(* Let $d\in\mathbb{N}$, $r\in\mathbb{N}$ with $r\ge2$, and set $\delta=r^{-7/2}$, $\sigma=\sqrt{\log(1/\delta)}/r$, $\gamma=\sqrt{\tfrac52\log r}$, $R=1+\gamma(2+\sqrt2)\sqrt d\,\sigma$, $b=(R+1)^2/(4\sigma^2)$, with $K_r$ as in the context. Then \[ \left|K_r(x,y)-\frac1{\sqrt{2\pi}\sigma}\exp\!\left(-\frac{(x-y)^2}{2\sigma^2}\right)\right|\le\frac{3\delta}{\sqrt{2\pi}\sigma}\qquad\forall x\in[-1,1],\ \forall y\in[-R,R]. \]
   Context: $s_{b,\delta}$ is a univariate polynomial of degree $\lceil\sqrt{2\theta\log(4/\delta)}\rceil$, $\theta=\lceil\max\{\tfrac12be^2,\log(2/\delta)\}\rceil$, with $|e^{-t}-s_{b,\delta}(t)|\le\delta$ for all $t\in[0,b]$. $K_r(x,y)=\frac1{\sqrt{2\pi}\sigma}s_{b,\delta}^2\!\left(\frac{(x-y)^2}{4\sigma^2}\right)$. $\log$ is the natural logarithm. *)

From HB Require Import structures.
From mathcomp Require Import all_boot all_order all_algebra.
From mathcomp Require Import all_classical all_reals all_analysis.
Set Implicit Arguments. Unset Strict Implicit. Unset Printing Implicit Defensive.
Import Order.TTheory GRing.Theory Num.Theory.
Local Open Scope ring_scope.

Section Defs.
Variable R : realType.

Definition deltaR (r : nat) : R := (r%:R : R) `^ (- (7%:R / 2%:R)).
Definition sigmaR (r : nat) : R := Num.sqrt (ln (deltaR r)^-1) / r%:R.
Definition gammaR (r : nat) : R := Num.sqrt (5%:R / 2%:R * ln (r%:R : R)).
Definition bigR (d r : nat) : R :=
  1 + gammaR r * (2%:R + Num.sqrt 2%:R) * Num.sqrt (d%:R : R) * sigmaR r.
Definition bR (d r : nat) : R := (bigR d r + 1) ^+ 2 / (4%:R * sigmaR r ^+ 2).

Definition theta (b del : R) : int :=
  Num.ceil (Num.max (b * expR 1 ^+ 2 / 2%:R) (ln (2%:R / del))).
Definition sdeg (b del : R) : int :=
  Num.ceil (Num.sqrt (2%:R * (theta b del)%:~R * ln (4%:R / del))).

Definition is_s_poly (b del : R) (s : {poly R}) : Prop :=
  (size s).-1 = `|sdeg b del|%N /\
  forall t : R, 0 <= t <= b -> `|expR (- t) - s.[t]| <= del.

Definition Kr (sig : R) (s : {poly R}) (x y : R) : R :=
  (Num.sqrt (2%:R * pi) * sig)^-1 * (s.[(x - y) ^+ 2 / (4%:R * sig ^+ 2)]) ^+ 2.
End Defs.

From HB Require Import structures.
From mathcomp Require Import all_boot all_order all_algebra.
From mathcomp Require Import all_classical all_reals all_analysis.
From mathcomp Require Import ring lra.
Import Order.TTheory GRing.Theory Num.Theory.
Local Open Scope ring_scope.

(* Writing t = (x - y)^2 / (4 sigma^2), the Gaussian is exp(-t)^2 while K_r is
   s(t)^2.  The hypotheses on x, y and b put t in [0, b], where s(t) is
   delta-close to exp(-t) <= 1, and squaring at most triples the error:
   |s^2 - e^2| = |s - e| |s + e| <= delta (2 + delta) <= 3 delta. *)

Lemma sqr_approx_le (R : realDomainType) (e s del : R) :
  0 <= e <= 1 -> del <= 1 -> `|e - s| <= del -> `|s ^+ 2 - e ^+ 2| <= 3%:R * del.
Proof.
move=> /andP[e0 e1] del1; rewrite !ler_norml => /andP[lo hi].
apply/andP; split; nra.
Qed.

Lemma sqr_subr_le (R : realDomainType) (a x y : R) :
  -1 <= x <= 1 -> - a <= y <= a -> (x - y) ^+ 2 <= (a + 1) ^+ 2.
Proof. by move=> /andP[? ?] /andP[? ?]; nra. Qed.

Lemma powR_lt1 (R : realType) (a p : R) : 1 < a -> p < 0 -> a `^ p < 1.
Proof.
move=> a1 p0; rewrite /powR gt_eqF ?(lt_trans ltr01) //.
by rewrite expR_lt1 nmulr_rlt0 // ln_gt0.
Qed.

Section DeltaSigma.
Variables (R : realType) (r : nat).

Lemma deltaR_gt0 : (0 < r)%N -> 0 < deltaR R r.
Proof. by move=> r0; apply: powR_gt0; rewrite ltr0n. Qed.

Lemma deltaR_lt1 : (1 < r)%N -> deltaR R r < 1.
Proof.
move=> r1; apply: powR_lt1; first by rewrite ltr1n.
by rewrite oppr_lt0 divr_gt0 ?ltr0n.
Qed.

Lemma sigmaR_gt0 : (1 < r)%N -> 0 < sigmaR R r.
Proof.
move=> r1; have r0 : (0 < r)%N by apply: ltn_trans r1.
rewrite /sigmaR divr_gt0 ?ltr0n // sqrtr_gt0 ln_gt0 //.
by rewrite invf_gt1 ?deltaR_gt0 ?deltaR_lt1.
Qed.

End DeltaSigma.

Lemma expRN_mul2 (R : realType) (t : R) : expR (- (2%:R * t)) = expR (- t) ^+ 2.
Proof. by rewrite -mulrN expRM_natl. Qed.

Lemma Kr_gauss_approx (R : realType) (sig del b : R) (s : {poly R}) (x y : R) :
  0 < sig -> del <= 1 ->
  (forall t : R, 0 <= t <= b -> `|expR (- t) - s.[t]| <= del) ->
  (x - y) ^+ 2 / (4%:R * sig ^+ 2) <= b ->
  `| Kr sig s x y - (Num.sqrt (2%:R * pi) * sig)^-1
                    * expR (- ((x - y) ^+ 2 / (2%:R * sig ^+ 2))) |
  <= 3%:R * del / (Num.sqrt (2%:R * pi) * sig).
Proof.
move=> sig0 del1 s_approx tb.
set t := (x - y) ^+ 2 / (4%:R * sig ^+ 2) in tb.
have t0 : 0 <= t by rewrite divr_ge0 ?sqr_ge0 // mulr_ge0 ?sqr_ge0.
have -> : (x - y) ^+ 2 / (2%:R * sig ^+ 2) = 2%:R * t.
  by rewrite /t; field; rewrite gt_eqF.
have c0 : 0 < (Num.sqrt (2%:R * pi) * sig)^-1.
  by rewrite invr_gt0 mulr_gt0 // sqrtr_gt0 mulr_gt0 // pi_gt0.
rewrite /Kr -/t expRN_mul2 -mulrBr normrM (gtr0_norm c0) mulrC ler_wpM2r //.
  exact: ltW.
apply: sqr_approx_le del1 (s_approx t _); last by rewrite t0.
by rewrite expR_ge0 expR_le1 oppr_le0.
Qed.

Theorem lemma12 (R : realType) (d r : nat) (hr : (2 <= r)%N) (s : {poly R})
  (hs : is_s_poly (bR R d r) (deltaR R r) s) (x y : R) :
  -1 <= x <= 1 -> - bigR R d r <= y <= bigR R d r ->
  `| Kr (sigmaR R r) s x y
     - (Num.sqrt (2%:R * pi) * sigmaR R r)^-1
       * expR (- ((x - y) ^+ 2 / (2%:R * sigmaR R r ^+ 2))) |
  <= 3%:R * deltaR R r / (Num.sqrt (2%:R * pi) * sigmaR R r).
Proof.
move=> hx hy; have [_ s_approx] := hs.
apply: (Kr_gauss_approx _ _ _ (bR R d r)).
- exact: sigmaR_gt0.
- exact/ltW/deltaR_lt1.
- exact: s_approx.
- rewrite /bR ler_wpM2r ?invr_ge0 ?mulr_ge0 ?sqr_ge0 //.
  exact: sqr_subr_le.
Qed.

-----

▸ Exercise brief
Write out every record above, word for word.

▸ Exercise solution
(* Let $d\in\mathbb{N}$, $r\in\mathbb{N}$ with $r\ge2$, and set $\delta=r^{-7/2}$, $\sigma=\sqrt{\log(1/\delta)}/r$, $\gamma=\sqrt{\tfrac52\log r}$, $R=1+\gamma(2+\sqrt2)\sqrt d\,\sigma$, $b=(R+1)^2/(4\sigma^2)$, with $K_r$ as in the context. Then \[ \left|K_r(x,y)-\frac1{\sqrt{2\pi}\sigma}\exp\!\left(-\frac{(x-y)^2}{2\sigma^2}\right)\right|\le\frac{3\delta}{\sqrt{2\pi}\sigma}\qquad\forall x\in[-1,1],\ \forall y\in[-R,R]. \]
   Context: $s_{b,\delta}$ is a univariate polynomial of degree $\lceil\sqrt{2\theta\log(4/\delta)}\rceil$, $\theta=\lceil\max\{\tfrac12be^2,\log(2/\delta)\}\rceil$, with $|e^{-t}-s_{b,\delta}(t)|\le\delta$ for all $t\in[0,b]$. $K_r(x,y)=\frac1{\sqrt{2\pi}\sigma}s_{b,\delta}^2\!\left(\frac{(x-y)^2}{4\sigma^2}\right)$. $\log$ is the natural logarithm. *)

From HB Require Import structures.
From mathcomp Require Import all_boot all_order all_algebra.
From mathcomp Require Import all_classical all_reals all_analysis.
Set Implicit Arguments. Unset Strict Implicit. Unset Printing Implicit Defensive.
Import Order.TTheory GRing.Theory Num.Theory.
Local Open Scope ring_scope.

Section Defs.
Variable R : realType.

Definition deltaR (r : nat) : R := (r%:R : R) `^ (- (7%:R / 2%:R)).
Definition sigmaR (r : nat) : R := Num.sqrt (ln (deltaR r)^-1) / r%:R.
Definition gammaR (r : nat) : R := Num.sqrt (5%:R / 2%:R * ln (r%:R : R)).
Definition bigR (d r : nat) : R :=
  1 + gammaR r * (2%:R + Num.sqrt 2%:R) * Num.sqrt (d%:R : R) * sigmaR r.
Definition bR (d r : nat) : R := (bigR d r + 1) ^+ 2 / (4%:R * sigmaR r ^+ 2).

Definition theta (b del : R) : int :=
  Num.ceil (Num.max (b * expR 1 ^+ 2 / 2%:R) (ln (2%:R / del))).
Definition sdeg (b del : R) : int :=
  Num.ceil (Num.sqrt (2%:R * (theta b del)%:~R * ln (4%:R / del))).

Definition is_s_poly (b del : R) (s : {poly R}) : Prop :=
  (size s).-1 = `|sdeg b del|%N /\
  forall t : R, 0 <= t <= b -> `|expR (- t) - s.[t]| <= del.

Definition Kr (sig : R) (s : {poly R}) (x y : R) : R :=
  (Num.sqrt (2%:R * pi) * sig)^-1 * (s.[(x - y) ^+ 2 / (4%:R * sig ^+ 2)]) ^+ 2.
End Defs.

From HB Require Import structures.
From mathcomp Require Import all_boot all_order all_algebra.
From mathcomp Require Import all_classical all_reals all_analysis.
From mathcomp Require Import ring lra.
Import Order.TTheory GRing.Theory Num.Theory.
Local Open Scope ring_scope.

(* Writing t = (x - y)^2 / (4 sigma^2), the Gaussian is exp(-t)^2 while K_r is
   s(t)^2.  The hypotheses on x, y and b put t in [0, b], where s(t) is
   delta-close to exp(-t) <= 1, and squaring at most triples the error:
   |s^2 - e^2| = |s - e| |s + e| <= delta (2 + delta) <= 3 delta. *)

Lemma sqr_approx_le (R : realDomainType) (e s del : R) :
  0 <= e <= 1 -> del <= 1 -> `|e - s| <= del -> `|s ^+ 2 - e ^+ 2| <= 3%:R * del.
Proof.
move=> /andP[e0 e1] del1; rewrite !ler_norml => /andP[lo hi].
apply/andP; split; nra.
Qed.

Lemma sqr_subr_le (R : realDomainType) (a x y : R) :
  -1 <= x <= 1 -> - a <= y <= a -> (x - y) ^+ 2 <= (a + 1) ^+ 2.
Proof. by move=> /andP[? ?] /andP[? ?]; nra. Qed.

Lemma powR_lt1 (R : realType) (a p : R) : 1 < a -> p < 0 -> a `^ p < 1.
Proof.
move=> a1 p0; rewrite /powR gt_eqF ?(lt_trans ltr01) //.
by rewrite expR_lt1 nmulr_rlt0 // ln_gt0.
Qed.

Section DeltaSigma.
Variables (R : realType) (r : nat).

Lemma deltaR_gt0 : (0 < r)%N -> 0 < deltaR R r.
Proof. by move=> r0; apply: powR_gt0; rewrite ltr0n. Qed.

Lemma deltaR_lt1 : (1 < r)%N -> deltaR R r < 1.
Proof.
move=> r1; apply: powR_lt1; first by rewrite ltr1n.
by rewrite oppr_lt0 divr_gt0 ?ltr0n.
Qed.

Lemma sigmaR_gt0 : (1 < r)%N -> 0 < sigmaR R r.
Proof.
move=> r1; have r0 : (0 < r)%N by apply: ltn_trans r1.
rewrite /sigmaR divr_gt0 ?ltr0n // sqrtr_gt0 ln_gt0 //.
by rewrite invf_gt1 ?deltaR_gt0 ?deltaR_lt1.
Qed.

End DeltaSigma.

Lemma expRN_mul2 (R : realType) (t : R) : expR (- (2%:R * t)) = expR (- t) ^+ 2.
Proof. by rewrite -mulrN expRM_natl. Qed.

Lemma Kr_gauss_approx (R : realType) (sig del b : R) (s : {poly R}) (x y : R) :
  0 < sig -> del <= 1 ->
  (forall t : R, 0 <= t <= b -> `|expR (- t) - s.[t]| <= del) ->
  (x - y) ^+ 2 / (4%:R * sig ^+ 2) <= b ->
  `| Kr sig s x y - (Num.sqrt (2%:R * pi) * sig)^-1
                    * expR (- ((x - y) ^+ 2 / (2%:R * sig ^+ 2))) |
  <= 3%:R * del / (Num.sqrt (2%:R * pi) * sig).
Proof.
move=> sig0 del1 s_approx tb.
set t := (x - y) ^+ 2 / (4%:R * sig ^+ 2) in tb.
have t0 : 0 <= t by rewrite divr_ge0 ?sqr_ge0 // mulr_ge0 ?sqr_ge0.
have -> : (x - y) ^+ 2 / (2%:R * sig ^+ 2) = 2%:R * t.
  by rewrite /t; field; rewrite gt_eqF.
have c0 : 0 < (Num.sqrt (2%:R * pi) * sig)^-1.
  by rewrite invr_gt0 mulr_gt0 // sqrtr_gt0 mulr_gt0 // pi_gt0.
rewrite /Kr -/t expRN_mul2 -mulrBr normrM (gtr0_norm c0) mulrC ler_wpM2r //.
  exact: ltW.
apply: sqr_approx_le del1 (s_approx t _); last by rewrite t0.
by rewrite expR_ge0 expR_le1 oppr_le0.
Qed.

Theorem lemma12 (R : realType) (d r : nat) (hr : (2 <= r)%N) (s : {poly R})
  (hs : is_s_poly (bR R d r) (deltaR R r) s) (x y : R) :
  -1 <= x <= 1 -> - bigR R d r <= y <= bigR R d r ->
  `| Kr (sigmaR R r) s x y
     - (Num.sqrt (2%:R * pi) * sigmaR R r)^-1
       * expR (- ((x - y) ^+ 2 / (2%:R * sigmaR R r ^+ 2))) |
  <= 3%:R * deltaR R r / (Num.sqrt (2%:R * pi) * sigmaR R r).
Proof.
move=> hx hy; have [_ s_approx] := hs.
apply: (Kr_gauss_approx _ _ _ (bR R d r)).
- exact: sigmaR_gt0.
- exact/ltW/deltaR_lt1.
- exact: s_approx.
- rewrite /bR ler_wpM2r ?invr_ge0 ?mulr_ge0 ?sqr_ge0 //.
  exact: sqr_subr_le.
Qed.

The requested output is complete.